(DESCRIPTION OF THE TASK) Repeat only the stretch of lines below that runs from the line with "Lemma exp_qt2 tau : exp (qt2 d1 d2 tau)" through the line with "replace (d1 - d2", unaltered.

□ □ □ □

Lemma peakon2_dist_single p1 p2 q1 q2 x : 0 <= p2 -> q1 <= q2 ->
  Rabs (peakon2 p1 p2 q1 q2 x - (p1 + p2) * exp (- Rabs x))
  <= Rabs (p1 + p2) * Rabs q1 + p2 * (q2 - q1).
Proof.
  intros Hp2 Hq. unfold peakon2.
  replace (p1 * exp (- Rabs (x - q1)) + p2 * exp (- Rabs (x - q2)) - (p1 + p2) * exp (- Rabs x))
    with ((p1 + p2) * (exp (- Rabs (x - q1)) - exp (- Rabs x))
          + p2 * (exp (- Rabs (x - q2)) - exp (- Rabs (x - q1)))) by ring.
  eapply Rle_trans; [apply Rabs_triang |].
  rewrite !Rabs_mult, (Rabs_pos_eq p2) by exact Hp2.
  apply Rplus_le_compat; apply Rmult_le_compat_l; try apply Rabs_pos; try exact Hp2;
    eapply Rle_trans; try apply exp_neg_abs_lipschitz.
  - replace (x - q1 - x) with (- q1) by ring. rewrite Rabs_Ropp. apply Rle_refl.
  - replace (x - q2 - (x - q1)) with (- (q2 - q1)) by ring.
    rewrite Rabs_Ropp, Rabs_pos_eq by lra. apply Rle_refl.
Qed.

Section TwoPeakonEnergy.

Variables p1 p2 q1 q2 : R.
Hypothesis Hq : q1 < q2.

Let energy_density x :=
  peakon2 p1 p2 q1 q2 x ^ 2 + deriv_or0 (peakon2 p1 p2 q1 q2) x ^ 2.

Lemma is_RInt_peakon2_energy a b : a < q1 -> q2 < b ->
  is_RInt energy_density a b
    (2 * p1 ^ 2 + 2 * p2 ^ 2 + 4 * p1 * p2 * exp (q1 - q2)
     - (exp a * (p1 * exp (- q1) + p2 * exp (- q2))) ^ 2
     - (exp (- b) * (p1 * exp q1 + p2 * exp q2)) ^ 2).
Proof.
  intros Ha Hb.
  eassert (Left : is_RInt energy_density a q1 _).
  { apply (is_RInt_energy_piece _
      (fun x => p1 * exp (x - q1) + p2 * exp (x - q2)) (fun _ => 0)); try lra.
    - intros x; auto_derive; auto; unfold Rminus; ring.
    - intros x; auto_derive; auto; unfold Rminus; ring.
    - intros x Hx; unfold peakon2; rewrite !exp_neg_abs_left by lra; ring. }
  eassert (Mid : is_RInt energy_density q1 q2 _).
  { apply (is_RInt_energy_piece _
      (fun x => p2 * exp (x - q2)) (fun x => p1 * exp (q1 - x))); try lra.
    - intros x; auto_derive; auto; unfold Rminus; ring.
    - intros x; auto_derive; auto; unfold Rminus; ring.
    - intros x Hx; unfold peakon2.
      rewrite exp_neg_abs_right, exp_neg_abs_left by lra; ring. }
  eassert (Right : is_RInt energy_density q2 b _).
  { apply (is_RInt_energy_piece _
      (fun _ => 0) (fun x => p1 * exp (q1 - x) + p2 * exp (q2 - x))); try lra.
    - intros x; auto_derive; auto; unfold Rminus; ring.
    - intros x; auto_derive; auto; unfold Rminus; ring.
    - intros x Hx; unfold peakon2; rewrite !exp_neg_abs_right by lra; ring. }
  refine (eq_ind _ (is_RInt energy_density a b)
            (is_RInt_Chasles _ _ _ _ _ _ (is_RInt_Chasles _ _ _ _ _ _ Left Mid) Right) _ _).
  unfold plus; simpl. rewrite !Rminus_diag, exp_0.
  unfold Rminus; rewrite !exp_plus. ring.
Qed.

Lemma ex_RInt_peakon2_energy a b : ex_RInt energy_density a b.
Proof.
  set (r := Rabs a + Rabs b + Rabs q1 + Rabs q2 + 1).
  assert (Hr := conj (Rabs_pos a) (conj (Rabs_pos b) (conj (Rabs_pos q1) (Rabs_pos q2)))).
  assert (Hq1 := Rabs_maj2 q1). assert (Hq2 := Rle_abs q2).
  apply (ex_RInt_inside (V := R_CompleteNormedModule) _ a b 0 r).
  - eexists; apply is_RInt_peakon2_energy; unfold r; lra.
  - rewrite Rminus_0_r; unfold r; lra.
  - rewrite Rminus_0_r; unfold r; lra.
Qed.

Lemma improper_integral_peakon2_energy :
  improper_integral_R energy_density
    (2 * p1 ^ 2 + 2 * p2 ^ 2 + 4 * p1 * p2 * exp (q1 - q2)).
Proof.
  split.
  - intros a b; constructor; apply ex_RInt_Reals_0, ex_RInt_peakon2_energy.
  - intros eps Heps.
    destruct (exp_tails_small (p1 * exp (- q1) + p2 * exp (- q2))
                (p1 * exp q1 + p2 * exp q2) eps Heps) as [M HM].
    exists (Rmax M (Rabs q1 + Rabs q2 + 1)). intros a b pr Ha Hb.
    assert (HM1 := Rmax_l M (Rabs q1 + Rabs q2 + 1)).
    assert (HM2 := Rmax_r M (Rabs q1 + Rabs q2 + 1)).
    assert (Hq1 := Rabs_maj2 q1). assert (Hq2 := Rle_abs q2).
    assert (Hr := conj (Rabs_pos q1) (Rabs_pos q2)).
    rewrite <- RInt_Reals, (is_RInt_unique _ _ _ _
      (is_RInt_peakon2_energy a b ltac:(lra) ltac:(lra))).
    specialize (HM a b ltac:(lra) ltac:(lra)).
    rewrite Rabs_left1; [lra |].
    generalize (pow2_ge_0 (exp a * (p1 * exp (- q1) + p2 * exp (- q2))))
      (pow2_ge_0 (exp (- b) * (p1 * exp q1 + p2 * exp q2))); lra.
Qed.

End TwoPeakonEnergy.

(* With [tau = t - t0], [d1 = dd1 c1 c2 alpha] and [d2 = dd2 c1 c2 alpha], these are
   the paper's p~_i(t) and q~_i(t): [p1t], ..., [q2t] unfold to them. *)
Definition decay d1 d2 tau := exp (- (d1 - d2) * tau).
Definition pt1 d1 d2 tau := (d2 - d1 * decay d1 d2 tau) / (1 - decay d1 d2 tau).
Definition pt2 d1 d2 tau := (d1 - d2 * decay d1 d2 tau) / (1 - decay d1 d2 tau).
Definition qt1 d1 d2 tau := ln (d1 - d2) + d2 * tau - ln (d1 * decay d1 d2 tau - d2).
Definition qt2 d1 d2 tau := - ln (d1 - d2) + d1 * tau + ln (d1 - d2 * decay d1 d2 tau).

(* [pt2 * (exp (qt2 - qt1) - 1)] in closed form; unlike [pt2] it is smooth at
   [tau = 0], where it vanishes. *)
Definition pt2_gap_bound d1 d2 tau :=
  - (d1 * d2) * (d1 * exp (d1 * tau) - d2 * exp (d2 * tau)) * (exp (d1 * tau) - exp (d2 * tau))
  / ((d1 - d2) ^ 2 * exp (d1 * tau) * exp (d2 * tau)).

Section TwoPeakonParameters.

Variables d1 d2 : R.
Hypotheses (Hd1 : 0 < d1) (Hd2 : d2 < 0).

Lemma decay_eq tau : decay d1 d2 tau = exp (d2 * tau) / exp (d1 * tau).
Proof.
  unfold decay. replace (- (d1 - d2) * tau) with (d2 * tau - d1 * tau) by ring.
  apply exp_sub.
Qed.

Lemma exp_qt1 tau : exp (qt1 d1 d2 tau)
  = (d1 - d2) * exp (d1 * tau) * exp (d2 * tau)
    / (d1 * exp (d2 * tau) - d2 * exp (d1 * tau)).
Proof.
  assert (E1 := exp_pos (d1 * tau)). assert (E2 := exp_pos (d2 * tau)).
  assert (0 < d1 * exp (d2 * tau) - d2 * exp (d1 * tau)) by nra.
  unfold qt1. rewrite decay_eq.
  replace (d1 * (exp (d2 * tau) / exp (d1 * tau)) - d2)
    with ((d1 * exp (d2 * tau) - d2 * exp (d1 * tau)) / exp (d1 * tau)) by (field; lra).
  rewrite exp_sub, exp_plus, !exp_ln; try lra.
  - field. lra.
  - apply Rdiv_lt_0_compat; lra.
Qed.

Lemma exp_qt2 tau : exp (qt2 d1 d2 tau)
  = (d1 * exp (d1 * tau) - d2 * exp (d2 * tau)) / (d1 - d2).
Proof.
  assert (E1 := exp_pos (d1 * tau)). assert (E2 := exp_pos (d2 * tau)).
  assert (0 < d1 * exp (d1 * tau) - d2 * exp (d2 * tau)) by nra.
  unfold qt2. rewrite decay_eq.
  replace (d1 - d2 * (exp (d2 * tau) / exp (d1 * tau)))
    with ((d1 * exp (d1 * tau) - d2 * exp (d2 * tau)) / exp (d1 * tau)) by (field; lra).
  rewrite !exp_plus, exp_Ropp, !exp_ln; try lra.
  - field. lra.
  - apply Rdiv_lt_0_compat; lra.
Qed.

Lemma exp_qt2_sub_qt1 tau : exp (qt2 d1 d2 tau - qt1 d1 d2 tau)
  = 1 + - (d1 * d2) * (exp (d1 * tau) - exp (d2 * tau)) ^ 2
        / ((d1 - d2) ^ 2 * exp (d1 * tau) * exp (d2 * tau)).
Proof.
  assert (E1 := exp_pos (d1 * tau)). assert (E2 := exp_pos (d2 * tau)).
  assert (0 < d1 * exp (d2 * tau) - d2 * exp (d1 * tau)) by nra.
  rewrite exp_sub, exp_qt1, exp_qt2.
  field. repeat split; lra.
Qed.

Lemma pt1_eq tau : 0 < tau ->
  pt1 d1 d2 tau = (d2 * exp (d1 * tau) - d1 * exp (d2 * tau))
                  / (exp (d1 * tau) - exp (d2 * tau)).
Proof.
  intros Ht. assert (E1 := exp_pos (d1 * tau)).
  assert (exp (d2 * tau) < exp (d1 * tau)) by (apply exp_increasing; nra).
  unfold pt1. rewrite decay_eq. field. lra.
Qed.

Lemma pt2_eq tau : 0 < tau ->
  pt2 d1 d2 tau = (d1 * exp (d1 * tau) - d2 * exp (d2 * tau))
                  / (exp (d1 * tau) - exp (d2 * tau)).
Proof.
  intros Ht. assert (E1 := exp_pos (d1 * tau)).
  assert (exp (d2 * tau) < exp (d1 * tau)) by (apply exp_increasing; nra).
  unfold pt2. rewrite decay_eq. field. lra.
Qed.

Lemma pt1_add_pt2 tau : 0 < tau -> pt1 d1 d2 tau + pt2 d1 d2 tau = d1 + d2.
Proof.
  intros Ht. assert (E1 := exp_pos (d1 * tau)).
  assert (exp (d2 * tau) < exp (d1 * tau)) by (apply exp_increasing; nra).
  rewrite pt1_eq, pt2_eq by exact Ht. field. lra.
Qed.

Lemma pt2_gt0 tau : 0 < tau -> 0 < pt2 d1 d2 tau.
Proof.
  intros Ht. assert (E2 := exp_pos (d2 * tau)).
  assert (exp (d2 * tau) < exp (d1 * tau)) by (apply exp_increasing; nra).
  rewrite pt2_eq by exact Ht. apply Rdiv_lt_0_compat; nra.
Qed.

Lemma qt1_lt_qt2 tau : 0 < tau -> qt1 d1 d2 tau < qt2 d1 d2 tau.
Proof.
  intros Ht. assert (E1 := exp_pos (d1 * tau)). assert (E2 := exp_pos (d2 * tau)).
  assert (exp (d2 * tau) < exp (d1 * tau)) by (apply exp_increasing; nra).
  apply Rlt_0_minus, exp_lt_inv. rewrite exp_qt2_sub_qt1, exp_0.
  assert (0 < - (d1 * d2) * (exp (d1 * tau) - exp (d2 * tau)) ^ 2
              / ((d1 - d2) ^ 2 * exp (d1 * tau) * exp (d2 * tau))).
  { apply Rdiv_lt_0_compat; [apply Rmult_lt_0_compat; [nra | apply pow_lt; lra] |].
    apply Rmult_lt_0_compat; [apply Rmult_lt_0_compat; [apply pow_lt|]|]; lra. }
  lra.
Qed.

□ □ □ □

(YOUR RESPONSE)
Lemma exp_qt2 tau : exp (qt2 d1 d2 tau)
  = (d1 * exp (d1 * tau) - d2 * exp (d2 * tau)) / (d1 - d2).
Proof.
  assert (E1 := exp_pos (d1 * tau)). assert (E2 := exp_pos (d2 * tau)).
  assert (0 < d1 * exp (d1 * tau) - d2 * exp (d2 * tau)) by nra.
  unfold qt2. rewrite decay_eq.
  replace (d1 - d2 * (exp (d2 * tau) / exp (d1 * tau)))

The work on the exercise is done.